The stop-the-World (STW) garbage collection cycle is a big issue that affects the responsiveness of most client-facing applications and overall Java performance. However, current garbage collectors mostly solve this problem and, with appropriate optimization and resizing, eliminate the perception of collection cycles.

Profilers, heap dumps, and verbose GC logging tools can help. Again, note that this all needs to be monitored in real-world load mode.

For more information about the different garbage collectors, see this guide.

JDBC performance

Relational databases are another common performance problem in Java applications. To get response times for full requests, we naturally had to look at each layer of the application and think about how the code would interact with the underlying SQL DB.

The connection pool

Let’s start with the well-known fact that database connections are expensive. Connection pooling is an important first step in solving this problem.

It is recommended to use HikariCP JDBC, a very lightweight (about 130Kb) and extremely fast JDBC connection pooling framework.

JDBC batch

Persistence should perform batch operations as much as possible. JDBC batching allows us to send multiple SQL statements in a single database interaction.

This can result in significant performance improvements on both the driver side and the database side. PreparedStatement* PreparedStatement* is a great batch command. Some database systems (such as Oracle) only support batching prepared statements.

Hibernate, on the other hand, is more flexible, allowing us to quickly switch to batch operations with just one configuration change.

The statement cache

Statement caching is another way to improve the performance of the persistence layer, which is a little-known but easy-to-learn performance optimization method.

You can cache a PreparedStatement either on the client side (the driver) or on the database side (the syntax tree or even the execution plan) as long as the underlying JDBC driver supports it.

Scaling of scale

Database replication and sharding are great ways to increase throughput, and we should take full advantage of these proven architectural patterns to extend the persistence layer of enterprise applications.

Architecture to improve

The cache

The price of memory is low and getting lower, and the performance cost of retrieving data from disk or over the network remains high. Caching naturally becomes critical in terms of application performance.

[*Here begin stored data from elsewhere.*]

(* Root count for 0 < ν < π.  With M = Q(c) < 0 on the curve γ = 0, the sign
   of γ(δ, ν) is that of δ² - M²: in Ω₊ exactly one of δ, -δ lies below M
   (four roots), in Ω₋ neither does (two roots). *)
Lemma root_count_positive_nu (d : R) :
  (0 < gamma d nu -> exactly_n_roots (fun s => P d nu s) 4) /\
  (gamma d nu < 0 -> exactly_n_roots (fun s => P d nu s) 2).
Proof.
  destruct Qnum_sign_change_second as [c [hc [hc0 [hbefore hafter]]]].
  assert (hM : Q nu c < 0) by (apply Q_max_negative; auto).
  assert (hgM : gamma (Q nu c) nu = 0) by (apply Q_max_on_gamma; auto).
  assert (hsnu : 0 < sin nu ^ 2) by (pose proof (sin_gt_0 nu ltac:(lra) ltac:(lra)); nra).
  destruct (cubic_sign_compare (sin nu ^ 2) ((Q nu c) ^ 2) (d ^ 2)) as [hgt hlt];
    [exact hsnu | nra | nra | unfold gamma in hgM; lra |].
  destruct (roots_first d) as [r0 R0]. destruct (roots_first (- d)) as [r2 R2].
  split; intros hg.
  - assert (hMd : (Q nu c) ^ 2 < d ^ 2) by (apply hgt; exact hg).
    assert (d < Q nu c \/ - d < Q nu c) as [h | h] by nra.
    + destruct (roots_second_below c hc hbefore hafter d h) as [l1 [hl1 R1]].
      pose proof (roots_second_above c hc hbefore hafter (- d) ltac:(lra)) as R3.
      pose proof (roots_assemble d _ _ _ _ R0 R1 R2 R3) as hcount. rewrite hl1 in hcount.
      exact hcount.
    + destruct (roots_second_below c hc hbefore hafter (- d) h) as [l3 [hl3 R3]].
      pose proof (roots_second_above c hc hbefore hafter d ltac:(lra)) as R1.
      pose proof (roots_assemble d _ _ _ _ R0 R1 R2 R3) as hcount. rewrite hl3 in hcount.
      exact hcount.
  - assert (hdM : d ^ 2 < (Q nu c) ^ 2) by (apply hlt; exact hg).
    pose proof (roots_second_above c hc hbefore hafter d ltac:(nra)) as R1.
    pose proof (roots_second_above c hc hbefore hafter (- d) ltac:(nra)) as R3.
    exact (roots_assemble d _ _ _ _ R0 R1 R2 R3).
Qed.

End Quarters.

Lemma P_nu0 (d s : R) : P d 0 s = sin s * (2 * d * cos s - 1).
Proof. unfold P. rewrite Rplus_0_r, sin_2a. ring. Qed.

Lemma cos_level_in_period (u s : R) : -1 < u < 1 -> 0 <= s < 2 * PI -> cos s = u ->
  s = acos u \/ s = 2 * PI - acos u.
Proof.
  intros hu hs hcos. pose proof (acos_bound_lt u hu).
  assert (hacos : cos (acos u) = u) by (apply cos_acos; lra).
  destruct (Rle_lt_dec s PI).
  - left. apply cos_inj; lra.
  - right. assert (2 * PI - s = acos u); [|lra].
    apply cos_inj; try lra. rewrite cos_minus, cos_2PI, sin_2PI. lra.
Qed.
(* Fix $\alpha,\beta\in(0,1)$ and consider the decoupled process with parameters $(G,r,T,\alpha,\beta)$. For $t\in\mathbb{N}$ let $u,v$ be chosen uniformly and independently from $B_{t,G}(r)$, independently of the process, and let $p_t=\Pr[\mathrm{origin}_t(u)=\mathrm{origin}_t(v)]$ (probability over both the process and the choice of $u,v$). Let $\lambda(t)=\dfrac{|\{x:g_t(x)=+1\}|-|\{x:g_t(x)=-1\}|}{|B_{t,G}(r)|}$. If $p_t\to0$ as $t\to\infty$, then for every $\eta>0$ there is $t_0$ such that $\Pr[|\lambda(t)-\mathbb{E}\lambda(t)|>\eta]<\eta$ for all $t\ge t_0$. Moreover, if $p_t\le e^{-c_1t^{c_2}}$ for constants $c_1,c_2>0$, then there are constants $c_3,c_4,c_5,c_6>0$ with $\Pr[|\lambda(t)-\mathbb{E}\lambda(t)|>e^{-c_3t^{c_4}}]\le e^{-c_5t^{c_6}}$ for all sufficiently large $t$.
   Context: Decoupled process. Fix $\alpha,\beta\in[0,1]$, a connected locally finite undirected graph $G$, root $r$, and a BFS spanning tree $T$ of $G$ rooted at $r$, oriented away from $r$, with parent map $p$. Let $Z_0=+1$, $Z_1,Z_2,\dots$ i.i.d. uniform on $\{-1,+1\}$, $Z_\infty=\bot$. Counter $\mathrm{count}_0=1$; $\mathrm{origin}_0(r)=0$ (and always $0$), $\mathrm{origin}_0(v)=\infty$ for $v\ne r$; $g_t(v)=Z_{\mathrm{origin}_t(v)}$. Update from $t$ to $t+1$ (independent choices): if $g_t(v)=g_t(p(v))=\bot$ then $\mathrm{origin}_{t+1}(v)=\infty$; nodes with $g_t(v)=\bot\ne g_t(p(v))$ are processed sequentially in a fixed order: w.p. $1-\alpha$, $\mathrm{origin}_{t+1}(v)=\mathrm{origin}_t(p(v))$; w.p. $\alpha$, $\mathrm{origin}_{t+1}(v)$ is the current counter value and the counter is then incremented; if $g_t(v)\ne\bot$, $v\ne r$: w.p. $\beta$, $\mathrm{origin}_{t+1}(v)=\mathrm{origin}_t(p(v))$, otherwise unchanged. $B_{t,G}(r)=\{x:d_G(r,x)\le t\}$; this is exactly the set of nodes with $g_t(x)\ne\bot$. *)

From HB Require Import structures.
From mathcomp Require Import all_boot all_order all_algebra.
From mathcomp Require Import all_classical all_reals all_analysis.

Set Implicit Arguments.
Unset Strict Implicit.
Unset Printing Implicit Defensive.

Import Order.TTheory GRing.Theory Num.Theory.
Local Open Scope ring_scope.

Definition distr (R : Type) (A : Type) := seq (R * A).

Section Distr.
Variable R : realType.
(* Let $(G,k)$ be an instance, let $V_{\mathrm{ld}}$ be the set of large-dense vertices, let $X$ be a feasible solution, and let $P\subseteq V_{\mathrm{ld}}$ be a vertex triple $(v_1,v_2,v_3)$ inducing $P_3$. Then $X\cap P\neq\emptyset$.
   Context: Graphs are undirected, without self-loops, possibly with multi-edges. $N(v)$ is the set of vertices adjacent to $v$; $\rho(v)$ is the number of unordered pairs $\{u_1,u_2\}\subseteq N(v)$ joined by at least one edge. A vertex $v$ is large-dense if $|N(v)|>7k$ and $\rho(v)> |N(v)|(|N(v)|-1)/4$. A triple of distinct vertices $(v_1,v_2,v_3)$ induces $P_3$ if $v_1v_2$ and $v_2v_3$ are edges (possibly multi-edges) and $v_1v_3$ is not an edge. A vertex set induces a clique if between any two distinct vertices there is exactly one edge, and a tree if it is connected and acyclic (two parallel edges form a cycle). A feasible solution is $X\subseteq V$, $|X|\le k$, with every component of $G-X$ a clique or a tree. *)

(* A multigraph on a finite vertex type T is given by an
   edge-multiplicity function m : T -> T -> nat (number of parallel edges). *)
From mathcomp Require Import all_boot.

Set Implicit Arguments. Unset Strict Implicit. Unset Printing Implicit Defensive.

Section Multigraph.
Variables (T : finType) (m : T -> T -> nat).

Definition multigraph := (forall u v, m u v = m v u) /\ (forall v, m v v = 0).

Definition adj (u v : T) : bool := 0 < m u v.

Definition nbhd (v : T) : {set T} := [set u | adj v u].

Definition rho (v : T) : nat :=
  #|[set S : {set T} | (S \subset nbhd v) &&
      [exists u1, exists u2, [&& u1 != u2, S == [set u1; u2] & adj u1 u2]]]|.

(* large-dense: |N(v)| > 7k and rho(v) > |N(v)|(|N(v)|-1)/4
   (the latter written without division: 4 rho(v) > |N(v)|(|N(v)|-1)) *)
Definition large_dense (k : nat) (v : T) : bool :=
  (7 * k < #|nbhd v|) && (#|nbhd v| * (#|nbhd v|).-1 < 4 * rho v).

Definition induces_P3 (v1 v2 v3 : T) : Prop :=
  [/\ [&& v1 != v2, v2 != v3 & v1 != v3],
      adj v1 v2, adj v2 v3 & ~~ adj v1 v3].

Definition is_clique (C : {set T}) : Prop :=
  forall u w, u \in C -> w \in C -> u != w -> m u w = 1.

Definition adj_in (C : {set T}) : rel T :=
  fun u w => [&& u \in C, w \in C & adj u w].

Definition is_connected (C : {set T}) : Prop :=
  forall u w, u \in C -> w \in C -> connect (adj_in C) u w.

Definition simple_cycle_in (C : {set T}) (s : seq T) : Prop :=
  match s with
  | [::] => False
  | x :: s' => [/\ 3 <= size s, uniq s, all (mem C) s &
                  path (adj_in C) x s' /\ adj_in C (last x s') x]
  end.

(* acyclic: no pair of parallel edges (a 2-cycle) and no cycle of length >= 3 *)
Definition is_acyclic (C : {set T}) : Prop :=
  (forall u w, u \in C -> w \in C -> m u w <= 1) /\
  (forall s, ~ simple_cycle_in C s).

Definition is_tree (C : {set T}) : Prop := is_connected C /\ is_acyclic C.

Definition comp_minus (X : {set T}) (x : T) : {set T} :=
  [set y | connect (adj_in (~: X)) x y].

Definition feasible (k : nat) (X : {set T}) : Prop :=
  #|X| <= k /\
  forall x, x \notin X ->
    is_clique (comp_minus X x) \/ is_tree (comp_minus X x).

End Multigraph.

(* Only the middle vertex v2 matters. If X misses the triple, the component of
   v2 in G - X contains the non-adjacent v1 and v3, so it is not a clique and
   must be a tree. A tree has no triangles, so every edge inside N(v2) has an
   endpoint in X, whence rho(v2) <= |X| |N(v2)| <= k |N(v2)|. Since
   |N(v2)| - 1 >= 7k >= 4k, this contradicts 4 rho(v2) > |N(v2)| (|N(v2)| - 1). *)
From mathcomp Require Import all_boot.
From mathcomp Require Import zify.

Set Implicit Arguments. Unset Strict Implicit. Unset Printing Implicit Defensive.

Section Multigraph.
Variables (T : finType) (m : T -> T -> nat).
Hypothesis m_sym : forall u v, m u v = m v u.
Hypothesis m_loop : forall v, m v v = 0.

Lemma adj_sym (u w : T) : adj m u w = adj m w u.
Proof. by rewrite /adj m_sym. Qed.

Lemma adj_neq (u w : T) : adj m u w -> u != w.
Proof. by apply: contraTneq => ->; rewrite /adj m_loop. Qed.

Lemma comp_minus_refl (X : {set T}) (x : T) : x \in comp_minus m X x.
Proof. by rewrite inE connect0. Qed.

Lemma comp_minus_adj (X : {set T}) (x u : T) :
  x \notin X -> u \notin X -> adj m x u -> u \in comp_minus m X x.
Proof. by move=> xX uX xu; rewrite inE connect1 // /adj_in !inE xX uX. Qed.

Lemma clique_adj (C : {set T}) (u w : T) :
  is_clique m C -> u \in C -> w \in C -> u != w -> adj m u w.
Proof. by move=> cl uC wC uw; rewrite /adj cl. Qed.

Lemma acyclic_triangle_free (C : {set T}) (a b c : T) :
  is_acyclic m C -> a \in C -> b \in C -> c \in C ->
  adj m a b -> adj m b c -> ~~ adj m c a.
Proof.
move=> [_ nocycle] aC bC cC ab bc; apply/negP => ca.
apply: (nocycle [:: a; b; c]); split => //=.
- by rewrite !inE negb_or (adj_neq ab) (adj_neq bc) eq_sym (adj_neq ca).
- by rewrite aC bC cC.
- by rewrite /adj_in aC bC cC ab bc ca.
Qed.

(* Each pair counted by rho v is {x, u} with x in Y and u in N(v). *)
Lemma rho_le_cover (Y : {set T}) (v : T) :
  (forall u w, u \in nbhd m v -> w \in nbhd m v -> adj m u w ->
     (u \in Y) || (w \in Y)) ->
  rho m v <= #|Y| * #|nbhd m v|.
Proof.
move=> cover; rewrite /rho -cardsX.
apply: leq_trans (leq_imset_card (fun p : T * T => [set p.1; p.2]) _).
apply/subset_leq_card/subsetP => S; rewrite inE.
case/andP=> + /existsP [u /existsP [w /and3P [_ /eqP eS uw]]]; rewrite eS => sN.
have uN : u \in nbhd m v by apply: (subsetP sN); exact: set21.
have wN : w \in nbhd m v by apply: (subsetP sN); exact: set22.
case/orP: (cover u w uN wN uw) => [uY | wY].
  by apply/imsetP; exists (u, w); rewrite ?in_setX ?uY.
by apply/imsetP; exists (w, u); rewrite ?in_setX ?wY //= setUC.
Qed.

Lemma large_dense_rho_gt (k : nat) (v : T) :
  large_dense m k v -> k * #|nbhd m v| < rho m v.
Proof.
rewrite /large_dense; set d := #|nbhd m v|; set r := rho m v.
case/andP=> kd dr.
have kd1 : 4 * k <= d.-1 by lia.
have : d * (4 * k) < 4 * r by apply: leq_ltn_trans dr; rewrite leq_mul2l kd1 orbT.
by rewrite mulnCA ltn_mul2l mulnC.
Qed.

End Multigraph.

Theorem mainTheorem11 (T : finType) (m : T -> T -> nat) (k : nat)
  (X : {set T}) (v1 v2 v3 : T) :
  multigraph m ->
  feasible m k X ->
  large_dense m k v1 -> large_dense m k v2 -> large_dense m k v3 ->
  induces_P3 m v1 v2 v3 ->
  X :&: [set v1; v2; v3] != set0.
Proof.
move=> [m_sym m_loop] [cardX feas] _ ld2 _ [/and3P [_ _ v13] a12 a23 na13].
apply: contraTneq (large_dense_rho_gt ld2) => XP; rewrite -leqNgt.
have notX v : v \in [set v1; v2; v3] -> v \notin X.
  by move=> vP; apply: contra_eqN XP => vX; apply/set0Pn; exists v; rewrite inE vX.
have nX2 : v2 \notin X by apply: notX; rewrite !inE eqxx orbT.
set C := comp_minus m X v2.
have inC u : u \notin X -> adj m v2 u -> u \in C by exact: comp_minus_adj.
have v1C : v1 \in C by rewrite inC ?notX ?inE ?eqxx // (adj_sym m_sym).
have v3C : v3 \in C by rewrite inC ?notX ?inE ?eqxx ?orbT.
have [cl | [_ acyc]] := feas v2 nX2.
  by rewrite (clique_adj cl v1C v3C v13) in na13.
apply: leq_trans (leq_mul cardX (leqnn _)).
apply: rho_le_cover => u w; rewrite !inE => v2u v2w uw.
apply/negPn/negP; rewrite negb_or => /andP [uX wX].
move: (acyclic_triangle_free m_loop acyc (comp_minus_refl m X v2)
  (inC u uX v2u) (inC w wX v2w) v2u uw).
by rewrite (adj_sym m_sym) v2w.
Qed.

Of course, introducing a separate caching system into your application’s topology does add architectural complexity, so you should take advantage of the existing caching capabilities of the libraries and frameworks you currently use.

For example, most persistence frameworks support caching. Web frameworks such as Spring MVC can also use the caching support built into Spring, as well as the powerful HTTP-level caching based on ETags.

Horizontal scaling

No matter how much hardware we have in a single instance, there will always be times when we run out of hardware. In short, scaling has inherent limitations, and when the system encounters these problems, scaling horizontally is the only way to handle more load. This step is certainly quite complex, but it is the only way to scale the application.

This is well supported by most modern frameworks and libraries, and will get better and better. The Spring ecosystem has a complete set of projects dedicated to addressing this specific application architecture area, and most other frameworks have similar support.

In addition to improving Java performance, scaling out through a cluster has other benefits, such as redundancy and better handling of failures by adding new nodes, which improves overall system availability.

conclusion

In this article, we’ve explored a number of concepts around improving the performance of Java applications. We started with load testing, APM tool-based application and server monitoring, followed by some best practices for writing high-performance Java code. Finally, we looked at JVM-specific tuning techniques, database side tuning, and architectural tweaking.